> **Instructions for the task**:
Below is a listing. Set down exactly the lines from the one containing "Variables (gT : finGroupType) (G" through the one containing "p.-group H & H :!=: 1]].", both ends included, and leave out the rest.

> **Data supplied**:
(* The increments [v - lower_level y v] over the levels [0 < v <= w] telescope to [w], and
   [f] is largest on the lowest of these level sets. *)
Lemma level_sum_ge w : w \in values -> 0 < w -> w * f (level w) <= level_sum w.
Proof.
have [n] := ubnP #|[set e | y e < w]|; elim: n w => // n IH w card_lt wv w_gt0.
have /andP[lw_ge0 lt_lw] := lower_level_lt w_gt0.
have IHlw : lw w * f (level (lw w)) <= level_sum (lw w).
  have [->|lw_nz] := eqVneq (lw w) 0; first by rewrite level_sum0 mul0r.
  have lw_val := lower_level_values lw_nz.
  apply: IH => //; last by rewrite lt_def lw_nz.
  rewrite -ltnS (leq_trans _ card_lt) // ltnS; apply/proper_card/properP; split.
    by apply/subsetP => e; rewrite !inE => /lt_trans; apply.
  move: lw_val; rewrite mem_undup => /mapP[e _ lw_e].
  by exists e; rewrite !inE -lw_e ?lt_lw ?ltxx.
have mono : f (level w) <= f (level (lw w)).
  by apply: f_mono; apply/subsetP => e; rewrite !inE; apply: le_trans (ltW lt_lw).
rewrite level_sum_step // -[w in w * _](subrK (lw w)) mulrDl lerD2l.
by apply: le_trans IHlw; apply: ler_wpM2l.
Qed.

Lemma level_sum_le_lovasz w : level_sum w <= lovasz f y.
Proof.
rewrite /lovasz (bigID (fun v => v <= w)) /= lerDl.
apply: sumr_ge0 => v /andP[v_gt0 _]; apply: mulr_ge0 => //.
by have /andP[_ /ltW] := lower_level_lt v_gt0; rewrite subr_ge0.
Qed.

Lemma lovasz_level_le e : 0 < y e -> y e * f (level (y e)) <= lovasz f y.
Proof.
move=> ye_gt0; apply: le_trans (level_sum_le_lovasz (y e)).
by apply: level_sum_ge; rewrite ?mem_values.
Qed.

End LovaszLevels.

---

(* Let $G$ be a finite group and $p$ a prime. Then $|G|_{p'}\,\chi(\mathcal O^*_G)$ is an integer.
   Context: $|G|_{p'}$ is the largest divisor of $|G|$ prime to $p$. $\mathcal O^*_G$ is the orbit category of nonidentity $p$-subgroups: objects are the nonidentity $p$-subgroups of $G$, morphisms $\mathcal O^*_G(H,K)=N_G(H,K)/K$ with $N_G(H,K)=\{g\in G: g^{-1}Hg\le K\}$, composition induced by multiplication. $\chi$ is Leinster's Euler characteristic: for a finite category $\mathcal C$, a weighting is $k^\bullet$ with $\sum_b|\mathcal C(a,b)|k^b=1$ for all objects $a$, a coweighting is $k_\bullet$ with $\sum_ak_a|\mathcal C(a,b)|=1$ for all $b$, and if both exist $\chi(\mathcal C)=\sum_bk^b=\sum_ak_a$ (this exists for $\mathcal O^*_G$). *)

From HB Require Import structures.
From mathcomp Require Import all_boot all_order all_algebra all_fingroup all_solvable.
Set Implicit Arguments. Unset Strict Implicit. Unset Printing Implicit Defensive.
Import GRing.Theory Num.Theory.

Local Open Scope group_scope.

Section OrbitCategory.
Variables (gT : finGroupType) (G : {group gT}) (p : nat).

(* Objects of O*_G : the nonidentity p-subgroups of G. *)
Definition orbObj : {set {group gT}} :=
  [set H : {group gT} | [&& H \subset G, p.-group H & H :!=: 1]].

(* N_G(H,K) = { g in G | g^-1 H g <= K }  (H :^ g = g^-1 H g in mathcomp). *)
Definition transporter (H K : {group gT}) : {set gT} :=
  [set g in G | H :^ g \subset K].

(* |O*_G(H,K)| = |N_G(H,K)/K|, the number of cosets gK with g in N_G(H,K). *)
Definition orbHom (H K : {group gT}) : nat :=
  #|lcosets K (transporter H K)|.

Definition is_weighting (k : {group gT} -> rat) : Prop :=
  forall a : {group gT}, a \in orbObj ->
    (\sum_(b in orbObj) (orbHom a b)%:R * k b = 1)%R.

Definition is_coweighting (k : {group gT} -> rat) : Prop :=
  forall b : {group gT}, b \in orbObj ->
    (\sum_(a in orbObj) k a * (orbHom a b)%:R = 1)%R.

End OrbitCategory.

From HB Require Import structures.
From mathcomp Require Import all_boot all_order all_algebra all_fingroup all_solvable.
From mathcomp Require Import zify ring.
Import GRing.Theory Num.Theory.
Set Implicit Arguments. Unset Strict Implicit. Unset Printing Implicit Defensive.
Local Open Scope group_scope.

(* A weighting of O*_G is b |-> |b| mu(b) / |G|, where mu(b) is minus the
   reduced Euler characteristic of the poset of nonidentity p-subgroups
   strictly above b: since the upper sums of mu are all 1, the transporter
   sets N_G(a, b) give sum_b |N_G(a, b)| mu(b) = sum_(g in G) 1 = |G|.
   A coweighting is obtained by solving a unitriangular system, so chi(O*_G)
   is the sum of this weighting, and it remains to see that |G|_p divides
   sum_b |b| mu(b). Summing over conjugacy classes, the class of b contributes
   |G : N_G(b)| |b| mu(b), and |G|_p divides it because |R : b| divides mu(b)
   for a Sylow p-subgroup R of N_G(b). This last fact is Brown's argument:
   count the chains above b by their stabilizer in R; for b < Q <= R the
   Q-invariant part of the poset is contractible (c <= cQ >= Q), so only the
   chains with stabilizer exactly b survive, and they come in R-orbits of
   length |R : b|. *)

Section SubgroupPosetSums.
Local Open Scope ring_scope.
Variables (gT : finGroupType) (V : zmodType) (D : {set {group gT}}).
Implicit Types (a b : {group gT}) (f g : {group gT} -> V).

> **Written reply**:
Variables (gT : finGroupType) (G : {group gT}) (p : nat).

(* Objects of O*_G : the nonidentity p-subgroups of G. *)
Definition orbObj : {set {group gT}} :=
  [set H : {group gT} | [&& H \subset G, p.-group H & H :!=: 1]].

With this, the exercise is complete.